Now let me be clear here. Even though I do, indeed, blame many of our world issues on men because men have been pretty much sitting in the control tower since the beginning of time, I’m not saying this issue of women’s identity is the fault of male human beings. We are evolving together along this line, like it or not. One of my favorite concepts in the collection was proposed by Vivian Gornick, who says that facing our various identity crises is a matter of “becoming.” Because this whole idea of equality between the sexes is still so new, relatively speaking when compared to how long humans have been wandering the earth, we (both women and men) are individually and collectively still becoming. In other words, we’re all in this together trying to figure out what this all means.
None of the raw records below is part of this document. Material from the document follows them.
Lemma argmax_level_word c s0 : (forall t, dotv c (vertex t) <= dotv c (vertex s0)) ->
  forall s, (dotv c (vertex s) == dotv c (vertex s0)) = word_vertex (level_word c) s.
Proof.
move=> s0_max s; apply/eqP/idP => [eq_s | /word_vertex_level_word s_sorts].
  by apply/word_vertex_level_word/argmax_sorts => t; rewrite eq_s.
exact: sorts_dotv_eq s_sorts (argmax_sorts s0_max).
Qed.

Lemma is_face_eval_word F : (1 < n)%N -> is_face P F -> exists w, eval_word R m w = F.
Proof.
move=> n_gt1 [c [delta [P_le ->]]].
have vertex_le s : dotv c (vertex s) <= delta.
  by apply: P_le; apply: conv_hull_pt; rewrite finset.in_setT.
rewrite /permutohedron conv_hull_level //.
have [/existsP[s0 /eqP s0_delta] | no_vertex] := boolP [exists s, dotv c (vertex s) == delta].
  exists (level_word c); rewrite eval_word_hull; congr conv_hull; apply/setP => s.
  by rewrite !inE -s0_delta argmax_level_word // => t; rewrite s0_delta.
have [w nonchain_w] := exists_nonchain n_gt1.
exists w; rewrite eval_word_hull; congr conv_hull; apply/setP => s.
by rewrite !inE (negbTE (nonchain_no_vertex s nonchain_w)) (negbTE (existsPn no_vertex s)).
Qed.

(* The tie-break [i \in A] moves [A] to the end of each block of coordinates with equal
   [miss_count], so [A] can be mapped to an initial segment only if it is a union of
   whole blocks, that is, a letter of the chain. *)
Definition chain_weight w (A : {set 'I_n}) : 'rV[R]_n :=
  \row_i (2 * miss_count w i + (i \in A))%:R.

Lemma sorts_chain_weight_vertex w A s :
  is_chain w -> sorts (chain_weight w A) s -> word_vertex w s.
Proof.
move=> chain s_sorts; apply/allP => K Kw; apply/initial_imageP => a b Ka Kb.
apply: s_sorts; rewrite !mxE ltr_nat.
by have := chain_miss_count_lt chain Kw Ka Kb; case: (a \in A); case: (b \in A); lia.
Qed.

Lemma sorts_chain_weight_mem w A s :
    is_chain w -> sorts (chain_weight w A) s -> initial_image s A ->
    A != finset.set0 -> A != [set: 'I_n]%SET ->
  exists2 K, K \in w & val K = A.
Proof.
move=> chain s_sorts /initial_imageP s_sep A_neq0 A_neqT.
apply: chain_separated_mem => // j i Aj Ai.
have : ~~ (chain_weight w A 0 i < chain_weight w A 0 j).
  by apply/negP => /s_sorts; have := s_sep j i Aj Ai; lia.
by rewrite !mxE ltr_nat Aj (negbTE Ai); lia.
Qed.

Lemma exists_word_vertex_chain w : (exists s, word_vertex w s) <-> is_chain w.
Proof.
split=> [[s w_s] | chain].
  by apply: contraLR w_s => /nonchain_no_vertex; apply.
have [s s_sorts] := exists_sorts (chain_weight w finset.set0).
by exists s; apply: sorts_chain_weight_vertex s_sorts.
Qed.

Lemma chain_eval_word_subset w1 w2 :
  is_chain w2 -> eval_word R m w1 = eval_word R m w2 -> {subset w1 <= w2}.
Proof.
move=> chain eq_eval J Jw1; apply: contraT => Jw2.
have [s s_sorts] := exists_sorts (chain_weight w2 (val J)).
have /eval_word_vertex/allP/(_ J Jw1) s_J : eval_word R m w1 (vertex s).
  by rewrite eq_eval; apply/eval_word_vertex/(sorts_chain_weight_vertex chain s_sorts).
have /andP[J_neq0 J_neqT] := valP J.
have [K Kw2 /val_inj eq_KJ] := sorts_chain_weight_mem chain s_sorts s_J J_neq0 J_neqT.
by rewrite -eq_KJ Kw2 in Jw2.
Qed.

Lemma eval_word_cong w1 w2 : eval_word R m w1 = eval_word R m w2 <-> word_cong w1 w2.
Proof.
split=> [eq_eval | /word_vertex_cong eq_vertex]; last first.
  by rewrite !eval_word_hull; congr conv_hull; apply/setP => s; rewrite !inE eq_vertex.
have eq_chain : is_chain w1 = is_chain w2.
  by apply/idP/idP => /exists_word_vertex_chain[s /eval_word_vertex w_s];
    apply/exists_word_vertex_chain; exists s; apply/eval_word_vertex;
    [rewrite -eq_eval | rewrite eq_eval].
have [chain1 | nonchain1] := boolP (is_chain w1); last first.
  by apply: nonchain_word_cong; rewrite -?eq_chain.
have chain2 : is_chain w2 by rewrite -eq_chain.
apply: word_cong_mem => J; apply/idP/idP.
  exact: chain_eval_word_subset.
exact: chain_eval_word_subset chain1 (esym eq_eval) J.
Qed.

End Permutohedron.

Theorem mainTheorem9 (R : realType) (d : nat) (m : 'I_d.+1 -> nat) :
  (1 <= d)%N ->
  (forall i j : 'I_d.+1, (i < j)%N -> (m i < m j)%N) ->
  [/\ (forall w : seq (gen d.+1),
         is_face (permutohedron R m) (eval_word R m w)),
      (forall F : set 'rV[R]_d.+1, is_face (permutohedron R m) F ->
         exists w : seq (gen d.+1), eval_word R m w = F) &
      (forall w1 w2 : seq (gen d.+1),
         eval_word R m w1 = eval_word R m w2 <-> word_cong w1 w2)].
Proof.
move=> d_gt0 m_incr; split.
- exact: eval_word_is_face.
- by move=> F; apply: is_face_eval_word.
- exact: eval_word_cong.
Qed.
Theorem lemmaC3 (R : realType) (d m n b : nat) (Xs : set 'rV[R]_m)
  (D K1 K2 eta : R) (f : 'rV[R]_d -> 'rV[R]_m -> R)
  (X Xh : 'I_n -> 'rV[R]_m) (thstar : 'rV[R]_d) :
  (forall x, Xs x -> enorm x <= D) ->
  (forall x, Xs x -> forall t : 'rV[R]_d, differentiable (f ^~ x) t) ->
  0 < K1 -> 0 < K2 ->
  (forall (t th : 'rV[R]_d) (x xh : 'rV[R]_m), Xs x -> Xs xh ->
     enorm (grad (f ^~ x) t - grad (f ^~ xh) th)
       <= K1 * enorm (t - th) + K2 * enorm (x - xh) * (enorm t + enorm th + 1)) ->
  (forall i, Xs (X i)) -> (forall i, Xs (Xh i)) ->
  (exists j : 'I_n, forall i, i != j -> X i = Xh i) ->
  (0 < b)%N -> (b <= n)%N -> 0 < eta ->
  (forall t, emp_risk f Xh thstar <= emp_risk f Xh t) ->
  (ereal_sup [set (W1 (sgd_kernel eta b f X t) (sgd_kernel eta b f Xh t)
                    * ((1 + enorm (t - thstar) ^+ 2)^-1)%:E)%E
             | t in [set: 'rV[R]_d]]
     <= (4 * D * K2 * eta / n%:R * (2 * enorm thstar + 1))%:E)%E.
Proof.
move=> D_bound _ _ K2_gt0 grad_lip X_in Xh_in [j X_Xh] b_gt0 b_le_n eta_gt0 _.
have D_ge0 : 0 <= D := le_trans (enorm_ge0 _) (D_bound _ (X_in j)).
apply: ub_ereal_sup => _ [t _ <-].
set r := enorm (t - thstar); set a := enorm thstar.
have V_gt0 : 0 < 1 + r ^+ 2 by rewrite ltr_wpDr ?sqr_ge0.
have t_le : enorm t <= r + a by rewrite -{1}(subrK thstar t) enormD.
have W1_le := W1_sgd_kernel_le f X_Xh (ltW eta_gt0) t b_gt0 b_le_n.
apply: le_trans (lee_wpmul2r _ W1_le) _; first by rewrite lee_fin invr_ge0 ltW.
rewrite -EFinM lee_fin ler_pdivrMr //.
have gap_le := grad_gap_le t D_bound (ltW K2_gt0) grad_lip (Xh_in j) (X_in j).
have eta_n_ge0 : 0 <= eta / n%:R by rewrite divr_ge0 // ltW.
apply: le_trans (ler_wpM2l eta_n_ge0 gap_le) _.
have -> : 4 * D * K2 * eta / n%:R * (2 * a + 1) * (1 + r ^+ 2)
          = eta / n%:R * (2 * D * K2 * (2 * (2 * a + 1) * (1 + r ^+ 2))) by ring.
apply: ler_wpM2l => //; apply: ler_wpM2l; first by rewrite !mulr_ge0 // ltW.
exact: affine_le_V_weight (enorm_ge0 _) (enorm_ge0 _) t_le.
Qed.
My generation, in particular, has been bumbling along since the second wave of feminism in the 1960-70’s (the days of Ms. Magazine, the ERA, Roe v Wade, and NOW), to define our roles and responsibilities and to recognize what impact this has on our personal relationships. And although we’ve gotten a lot right, we still have a long way to go. I’m predicting it will take several more decades (at least) for the kinks to be worked out and equality to become de rigeur here in the USA. And then we still have to help the women in third world countries come along. Lots of work ahead. My only-slightly-apologetic-hope is that men don’t destroy the world in the meantime.
The Bitch in the House isn’t a man-basher. But it also isn’t, unfortunately, a roadmap for how to get from here to there. Rather, Hanauer considers it part of ongoing conversation, in which we women can “share our lives and dilemmas and frustrations, to tell the truth whenever and wherever we can–even if it means contradicting each other, even if it means being called difficult or demanding or bitchy.” That’s all we can ask for, really, isn’t it? Conversation. But conversation, whether within the home or across the ocean, can be awesomely powerful.
Soooooo…if you are, or know, someone who is struggling with her role in life–or if you have any interest in the struggles that women continue to face as our place in society continues to evolve–this book’s for you.